Lemma in_cell_exists M y : 0 <= y <= 1 -> exists j, (j <= M)%nat /\ in_cell M y j.
Proof. intros h. apply nat_ceiling_exists. pose proof (pos_INR M). split; nra. Qed.

Lemma in_cell_unique M y j k : in_cell M y j -> in_cell M y k -> j = k.
Proof.
  unfold in_cell; intros h1 h2.
  destruct (lt_eq_lt_dec j k) as [[h|h]|h]; auto; exfalso.
  - assert (INR (S j) <= INR k) by (apply le_INR; lia). rewrite S_INR in *. lra.
  - assert (INR (S k) <= INR j) by (apply le_INR; lia). rewrite S_INR in *. lra.
Qed.

Lemma in_cell_le M y j : y <= 1 -> in_cell M y j -> (j <= M)%nat.
Proof.
  unfold in_cell; intros hy h. pose proof (pos_INR M).
  assert (INR j < INR (S M)) by (rewrite S_INR; nra). apply INR_lt in H0. lia.
Qed.

Lemma in_cell_iff M y j : (1 <= M)%nat ->
  (in_cell M y j <-> (INR j - 1) / INR M < y <= INR j / INR M).
Proof.
  intros hM. assert (hMp : 0 < INR M) by (apply lt_0_INR; lia).
  unfold in_cell. rewrite <- Rmult_le_div_iff by auto.
  assert (INR j - 1 < INR M * y <-> (INR j - 1) / INR M < y).
  { split; intros h; apply Rnot_le_lt; intros h'.
    - apply Rmult_le_div_iff in h'; auto. lra.
    - apply Rmult_le_div_iff in h'; auto; lra. }
  tauto.
Qed.

Definition cell_mass (G : R -> R) (M j : nat) : R := G (INR j / INR M) - G ((INR j - 1) / INR M).

Lemma weighted_mean_bounds (p v : nat -> R) M :
  (forall j, (j <= M)%nat -> 0 <= p j) -> sum_f_R0 p M = 1 ->
  (forall j, (j <= M)%nat -> 0 <= v j <= 1) -> 0 <= sum_f_R0 (fun j => p j * v j) M <= 1.
Proof.
  intros hp hs hv. rewrite <- hs. split.
  - apply sum_f_R0_nonneg. intros j hj. specialize (hv j hj). specialize (hp j hj). nra.
  - apply sum_Rle. intros j hj. specialize (hv j hj). specialize (hp j hj). nra.
Qed.

(* End points of cell [j]; the left one is clipped at 0 for [j = 0]. *)
Definition grid_up (M j : nat) : R := INR j / INR M.
Definition grid_down (M j : nat) : R := INR (pred j) / INR M.

Lemma grid_point_range M k : (1 <= M)%nat -> (k <= M)%nat -> 0 <= INR k / INR M <= 1.
Proof.
  intros hM hk. assert (hMp : 0 < INR M) by (apply lt_0_INR; lia).
  assert (INR k <= INR M) by (apply le_INR; auto). pose proof (pos_INR k).
  unfold Rdiv. split; [apply Rmult_le_pos; [lra | left; apply Rinv_0_lt_compat; lra]|].
  rewrite <- (Rinv_r (INR M)) by lra.
  apply Rmult_le_compat_r; [left; apply Rinv_0_lt_compat|]; lra.
Qed.

Lemma grid_up_range M j : (1 <= M)%nat -> (j <= M)%nat -> 0 <= grid_up M j <= 1.
Proof. apply grid_point_range. Qed.

Lemma grid_down_range M j : (1 <= M)%nat -> (j <= M)%nat -> 0 <= grid_down M j <= 1.
Proof. intros. apply grid_point_range; auto; lia. Qed.

Lemma in_cell_grid M y j : (1 <= M)%nat -> 0 <= y -> in_cell M y j ->
  grid_down M j <= y <= grid_up M j.
Proof.
  intros hM hy h. assert (hMp : 0 < INR M) by (apply lt_0_INR; lia).
  unfold in_cell, grid_down, grid_up in *. split; [|apply Rmult_le_div_iff; lra].
  destruct j as [|j]; [simpl; unfold Rdiv; rewrite Rmult_0_l; lra|].
  simpl pred. rewrite S_INR in h. apply Rnot_lt_le. intros hc.
  assert (INR M * y <= INR j) by (apply Rmult_le_div_iff; lra). lra.
Qed.
(* A finite topology on T: a family of subsets containing set0 and setT,
   closed under (binary, hence all finite) unions and intersections. *)
Definition is_topology (T : finType) (tau : {set {set T}}) : Prop :=
  [/\ set0 \in tau, setT \in tau,
      (forall U V, U \in tau -> V \in tau -> U :|: V \in tau) &
      (forall U V, U \in tau -> V \in tau -> U :&: V \in tau)].

Definition is_open (T : finType) (tau : {set {set T}}) (U : {set T}) : bool := U \in tau.
Definition is_closed (T : finType) (tau : {set {set T}}) (C : {set T}) : bool := (~: C) \in tau.

Definition mset (T : finType) (tau : {set {set T}}) (x : T) : {set T} :=
  \bigcap_(U in tau | x \in U) U.

Section Sep.
Variables (T : finType) (tau : {set {set T}}).

Definition T1_sep (x y : T) : bool :=
  [exists Ux : {set T}, exists Uy : {set T},
    [&& is_open tau Ux, is_open tau Uy, x \in Ux, y \notin Ux, y \in Uy & x \notin Uy]].

Definition T2_sep (x y : T) : bool :=
  [exists Ux : {set T}, exists Uy : {set T},
    [&& is_open tau Ux, is_open tau Uy, x \in Ux, y \in Uy & Ux :&: Uy == set0]].

Definition T3a_sep (x y : T) : bool :=
  [exists J : {set T}, exists UJ : {set T}, exists Uy : {set T},
    [&& is_closed tau J, is_open tau UJ, is_open tau Uy, x \in J, J \subset UJ,
        y \in Uy & UJ :&: Uy == set0]].

Definition T3b_sep (x y : T) : bool :=
  [exists K : {set T}, exists Ux : {set T}, exists UK : {set T},
    [&& is_closed tau K, is_open tau Ux, is_open tau UK, x \in Ux, y \in K,
        K \subset UK & Ux :&: UK == set0]].

Definition T3'_sep (x y : T) : bool := T3a_sep x y || T3b_sep x y.
Definition T3''_sep (x y : T) : bool := T3a_sep x y && T3b_sep x y.

Definition T4_sep (x y : T) : bool :=
  [exists J : {set T}, exists K : {set T}, exists UJ : {set T}, exists UK : {set T},
    [&& is_closed tau J, is_closed tau K, x \in J, y \in K, is_open tau UJ,
        is_open tau UK, J \subset UJ, K \subset UK & UJ :&: UK == set0]].
End Sep.

Inductive sep_index := i1 | i2 | i3' | i3'' | i4.

Definition separated (i : sep_index) (T : finType) (tau : {set {set T}}) : rel T :=
  match i with
  | i1 => T1_sep tau
  | i2 => T2_sep tau
  | i3' => T3'_sep tau
  | i3'' => T3''_sep tau
  | i4 => T4_sep tau
  end.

====

Your objective: Could you retype exactly the lines from the first one of the records through the line containing "- apply sum_f_R0_nonneg.", both included, and nothing more?

Task solution:
Lemma in_cell_exists M y : 0 <= y <= 1 -> exists j, (j <= M)%nat /\ in_cell M y j.
Proof. intros h. apply nat_ceiling_exists. pose proof (pos_INR M). split; nra. Qed.

Lemma in_cell_unique M y j k : in_cell M y j -> in_cell M y k -> j = k.
Proof.
  unfold in_cell; intros h1 h2.
  destruct (lt_eq_lt_dec j k) as [[h|h]|h]; auto; exfalso.
  - assert (INR (S j) <= INR k) by (apply le_INR; lia). rewrite S_INR in *. lra.
  - assert (INR (S k) <= INR j) by (apply le_INR; lia). rewrite S_INR in *. lra.
Qed.

Lemma in_cell_le M y j : y <= 1 -> in_cell M y j -> (j <= M)%nat.
Proof.
  unfold in_cell; intros hy h. pose proof (pos_INR M).
  assert (INR j < INR (S M)) by (rewrite S_INR; nra). apply INR_lt in H0. lia.
Qed.

Lemma in_cell_iff M y j : (1 <= M)%nat ->
  (in_cell M y j <-> (INR j - 1) / INR M < y <= INR j / INR M).
Proof.
  intros hM. assert (hMp : 0 < INR M) by (apply lt_0_INR; lia).
  unfold in_cell. rewrite <- Rmult_le_div_iff by auto.
  assert (INR j - 1 < INR M * y <-> (INR j - 1) / INR M < y).
  { split; intros h; apply Rnot_le_lt; intros h'.
    - apply Rmult_le_div_iff in h'; auto. lra.
    - apply Rmult_le_div_iff in h'; auto; lra. }
  tauto.
Qed.

Definition cell_mass (G : R -> R) (M j : nat) : R := G (INR j / INR M) - G ((INR j - 1) / INR M).

Lemma weighted_mean_bounds (p v : nat -> R) M :
  (forall j, (j <= M)%nat -> 0 <= p j) -> sum_f_R0 p M = 1 ->
  (forall j, (j <= M)%nat -> 0 <= v j <= 1) -> 0 <= sum_f_R0 (fun j => p j * v j) M <= 1.
Proof.
  intros hp hs hv. rewrite <- hs. split.
  - apply sum_f_R0_nonneg. intros j hj. specialize (hv j hj). specialize (hp j hj). nra.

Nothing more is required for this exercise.